USS Fern was a tugboat acquired by the Union Navy during the American Civil War. Her task was to tow other ships and barges, and to provide other duties that a tug could easily do, such as dispatch running.

== Service history ==

The first ship to be named Fern by the Union Navy was a tug, formerly Intrepid, which operated under Master Alpheus Amiss with the War Department's Western Flotilla until 1 October 1862 when all these vessels were transferred to the Union Navy. Placed in the command of Amiss who was made Acting Ensign, she was renamed Fern about 19 October. By that time, the Western Flotilla was renamed the Mississippi River Squadron, which operated on western waters between Cairo, Illinois, and the mouth of the Red River. She towed barges loaded with troops, delivered dispatches, transported officers, and tended coal barges.

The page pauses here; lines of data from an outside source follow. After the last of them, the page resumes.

(* Let $G=(V,E)$ be a graph with a string representation $\varphi$ in the plane. Let $\pi_1$ and $\pi_2$ be two internally disjoint curves with endpoints $a$ and $b$, let $F$ be the closed face of $\mathbb{R}^2\setminus(\pi_1\cup\pi_2)$ containing the string of the vertex occupied by the robber, and let $D$ be the connected component of $G_F$ containing the robber's vertex. If $\pi_1$ and $\pi_2$ are shortest curves relative to $D$, each guarded by five cops, then the robber is confined to $D$.
   Context: A string representation assigns to each vertex $v$ a bounded curve $\varphi(v)\subseteq\mathbb{R}^2$ with distinct $u,v$ adjacent iff $\varphi(u)\cap\varphi(v)\ne\emptyset$. A face of $\mathbb{R}^2\setminus X$ is an arc-connected component, a closed face its closure. For $X\subseteq\mathbb{R}^2$, a vertex $v$ is contained in $X$ if $\varphi(v)\subseteq\mathrm{int}(X)$, and $G_X$ is the subgraph induced by vertices contained in $X$. A path $P$ is a shortest path relative to $D\subseteq V$ if it is shortest in $G[P\cup D]$. For such $P$ from $u$ to $v$ and points $A\in\varphi(u)$, $B\in\varphi(v)$, a curve $\pi\subseteq\bigcup_{p\in P}\varphi(p)$ from $A$ to $B$ whose intersection with each $\varphi(p)$ is connected, these intersections occurring along $\pi$ in the order of $P$, is a shortest curve of $P$ relative to $D$; a shortest curve relative to $D$ is one for some shortest path relative to $D$. Guarding a shortest curve $\pi$ means guarding $N[P]$ for the corresponding path $P$, i.e. the cops' strategy ensures the robber is immediately captured upon moving to any vertex of $N[P]$. The robber is confined to $D$ if he is immediately captured upon moving to any vertex outside $D$. (Game: cops and robber alternate, each staying or moving along an edge; capture when a cop is on the robber's vertex.) *)

From HB Require Import structures.
From mathcomp Require Import all_boot all_order all_algebra.
From mathcomp Require Import all_classical all_reals all_analysis.
From Stdlib Require Import Relations.
Set Implicit Arguments. Unset Strict Implicit. Unset Printing Implicit Defensive.
Import Order.TTheory GRing.Theory Num.Theory.
Import numFieldNormedType.Exports.
Local Open Scope classical_set_scope.
Local Open Scope ring_scope.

On 19 March 1863 during a joint expedition to penetrate the Yazoo River, she carried Major-General William T. Sherman up Steele's Bayou. From August 1863 to May 1865 she was stationed off Natchez, Mississippi, to tend and pump coal barges, and in early June 1865 participated in an expedition up the Red River to receive the surrender of Confederate Navy men and material. Fern was ordered to Mound City, Illinois, where on 12 August 1865 she was decommissioned and later sold.